I jump at Mama’s groggy voice. “Hi. I didn’t mean to wake you. I just couldn’t sleep.”
With her puffy eyes, Mama looks at the newspaper in my hand. Her mouth is set in a grim line. “This obsession is not healthy, Evalina. I know you’re worried, but we have nothing to fear. I don’t know what it will take for you to believe that.”
“Mama, they’re going to make all the Japanese go.” My voice cracks. “Even the ones who were born here. Like the Hamasakis’s children.”
“Who?”
I swallow. I shouldn’t have mentioned them by name. “One of our produce suppliers at Alessandro’s.”
“Oh. Yes, of course.” Mama stifles a yawn, seeming unaware of how far I tipped my cards. “You’re safe, honey. I know sometimes those articles make it sound like Italians are going to be rounded up too, but we’re not.”
“If the government was being fair, we’d be forced to go too. Especially a family like ours—”
“But we’re not. Stop looking for trouble, and come inside before somebody sees you looking indecent.”
I’m wearing my favorite pajamas, which have long pants and long sleeves, but Mama hates that I bought them in the men’s department. I shuffle back inside the house, and Mama soundlessly closes the door.
She scowls at me in the gray light of the entryway. “I’m going back to bed. I’m tired of these conversations, Evalina. I’m tired of waking up to you crying. Or hearing from your friends that you’re distracted and preoccupied by the news. This is not normal behavior for a girl your age.”
“Our country is at war.” I force my voice to be soft. “What am I supposed to act like?”
Mama’s mouth opens. I’m wearing away the thread of patience she woke up with—I can see it in her eyes—but I don’t know how to lie about this. Why, I’m not sure, because I’m certainly lying about plenty of other things.
“Evalina…” Mama takes several thoughtful breaths before saying. “I’m going back to bed. You do the same.”
Start with your main character: Done. Again, there are times when I’ve seen writers start with not-the-main character and it works fine, but I think those are exceptions.

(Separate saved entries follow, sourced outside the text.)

Lemma sum_substochastic_le r (s p : nat -> R) (D : nat -> nat -> R) :
  nonincreasing_nonneg r s -> nonincreasing_nonneg r p ->
  (forall i k, (i < r)%N -> (k < r)%N -> 0 <= D i k) ->
  (forall i, (i < r)%N -> \sum_(k < r) D i k <= c) ->
  (forall k, (k < r)%N -> \sum_(i < r) D i k <= c) ->
  \sum_(i < r) \sum_(k < r) s i * p k * D i k <= c * \sum_(i < r) s i * p i.
Proof.
elim: r s p D => [|r IH] s p D [s0 s_decr] [p0 p_decr] D0 Dr Dc.
  by rewrite !big_ord0 mulr0.
(* Subtracting the last values s_r and p_r splits the sum into two terms bounded
   by row or column sums, and one whose last row and column vanish. *)
pose s' i := s i - s r; pose p' i := p i - p r.
have s'0 i : (i < r.+1)%N -> 0 <= s' i by move=> ?; rewrite subr_ge0 s_decr.
have p'0 i : (i < r.+1)%N -> 0 <= p' i by move=> ?; rewrite subr_ge0 p_decr.
have split_prod i k :
    s i * p k * D i k = s r * p k * D i k + p r * s' i * D i k + s' i * p' k * D i k.
  by rewrite /s' /p'; ring.
have split_diag i : s i * p i = s r * p i + p r * s' i + s' i * p' i.
  by rewrite /s' /p'; ring.
under eq_bigr do under eq_bigr do rewrite split_prod.
under eq_bigr do rewrite !big_split.
under [X in _ <= c * X]eq_bigr do rewrite split_diag.
rewrite !big_split /= !mulrDr.
apply: lerD; first apply: lerD.
- rewrite exchange_big /=.
  apply: (sum_row_weighted_le (a := fun k => s r * p k) (D := fun k i => D i k)) => //.
  by move=> k kr; rewrite mulr_ge0 ?s0 ?p0.
- apply: (sum_row_weighted_le (a := fun i => p r * s' i)) => // i ir.
  by rewrite mulr_ge0 ?p0 ?s'0.
have [s'r p'r] : s' r = 0 /\ p' r = 0 by rewrite /s' /p' !subrr.
rewrite big_ord_recr /= s'r [X in _ + X]big1 ?addr0 => [|k _]; last by rewrite !mul0r.
under eq_bigr do rewrite big_ord_recr /= p'r mulr0 mul0r addr0.
rewrite [X in _ <= c * X]big_ord_recr /= s'r mul0r addr0.
apply: IH => [||i k ir kr|i ir|k kr].
- split=> [i ir|i j ij jr]; first exact: s'0 _ (ltnW ir).
  by rewrite lerD2r s_decr // ltnW.
- split=> [i ir|i j ij jr]; first exact: p'0 _ (ltnW ir).
  by rewrite lerD2r p_decr // ltnW.
- exact: D0 (ltnW ir) (ltnW kr).
- apply: le_trans (Dr i (ltnW ir)); rewrite [X in _ <= X]big_ord_recr /= lerDl.
  exact: D0 (ltnW ir) (ltnSn r).
- apply: le_trans (Dc k (ltnW kr)); rewrite [X in _ <= X]big_ord_recr /= lerDl.
  exact: D0 (ltnSn r) (ltnW kr).
Qed.
(* Let $k\ge2$, let $I$ be a purified instance relative to $C_k$, and let $I=I_1\cup\dots\cup I_m$, where $I_j$ consists of the tuples of $I$ whose corresponding edges lie in the $j$-th strongly connected component of $F_{C_k}(I)$. Then the frugal repairs of $I$ for $C_k$ are exactly the sets $r_1\cup\dots\cup r_m$ where, for each $j$, $r_j$ is a frugal repair of $I_j$ for $C_k$ (chosen independently).
   Context: $C_k=R_1(\underline{x_1},x_2),\dots,R_k(\underline{x_k},x_1)$, $k\ge2$, first attribute the key, relations of consistent or inconsistent type. A repair is a maximal subset satisfying all key constraints; $C_k^f(r)$ is the set of satisfying valuations $(a_1,\dots,a_k)$; a repair $r$ of $I$ is frugal if no repair $r'$ of $I$ has $C_k^f(r')\subsetneq C_k^f(r)$. $I$ is purified relative to $C_k$ if every tuple occurs in some tuple of $C_k^f(I)$. The instance graph $F_{C_k}(I)$ has the constants as vertices and an edge $(a,b)$ per tuple $R_i(a,b)$; constants in positions of distinct variables are distinct. For purified $I$, every edge of $F_{C_k}(I)$ has both endpoints in one strongly connected component. *)

From mathcomp Require Import all_boot.
Set Implicit Arguments. Unset Strict Implicit. Unset Printing Implicit Defensive.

Start with your main character doing something interesting and pertinent: Evalina is sneaking out of the house to get the morning paper, which is interesting behavior for a teenage girl, and directly relates to the main plot.

Skip the “here’s what you’ve missed” info-dumpy opening: Done. Other than when I spell out when and where we are in the chapter header, which is customary for historical fiction, the reader hits the ground running with minimal information.

Start with action that says something about who they are, and why we should care about them: From this scene, we know that Evalina cares deeply about something that is happening around her, but not really to her. Anytime you can show a main character caring about something that’s bigger than them, that’s attractive to readers.

Start in their normal world: I considered starting before the bombing, which would really be Evalina’s true normal world, but when I learned the timing of when the Japanese Americans were evacuated, I decided after would serve the story better.

Start with hints of what they want, what they need, and the barrier between: This is just the first 600 words so you don’t get the full picture, but we see what’s pressing on Evalina’s heart, and you even get a hint of why this issue matters to her so much when she mentions the Hamasaki family by name to her mother. The barrier that’s implied is that these are government decisions, and Evalina is a teenage girl with no power of her own.

Consider your tone: I wanted my opening to show the panic and uncertainty that saturated this time in history. That’s why I have Evalina jolting awake from a dream about a bomb, and sneaking out of bed to find out what new, scary things have happened in the world.

Create questions: Some of the questions the scene evokes get answered very quickly. (Why is she sneaking downstairs? Oh, to read the newspaper.) Other questions are raised but not answered, like why is Evalina nervous that she “tipped her hand” by bringing up the Hamasakis? Or what else is she lying about?
Take a look at the openings of your stories. Do you feel like they’re doing a good job of setting up the story you want to tell?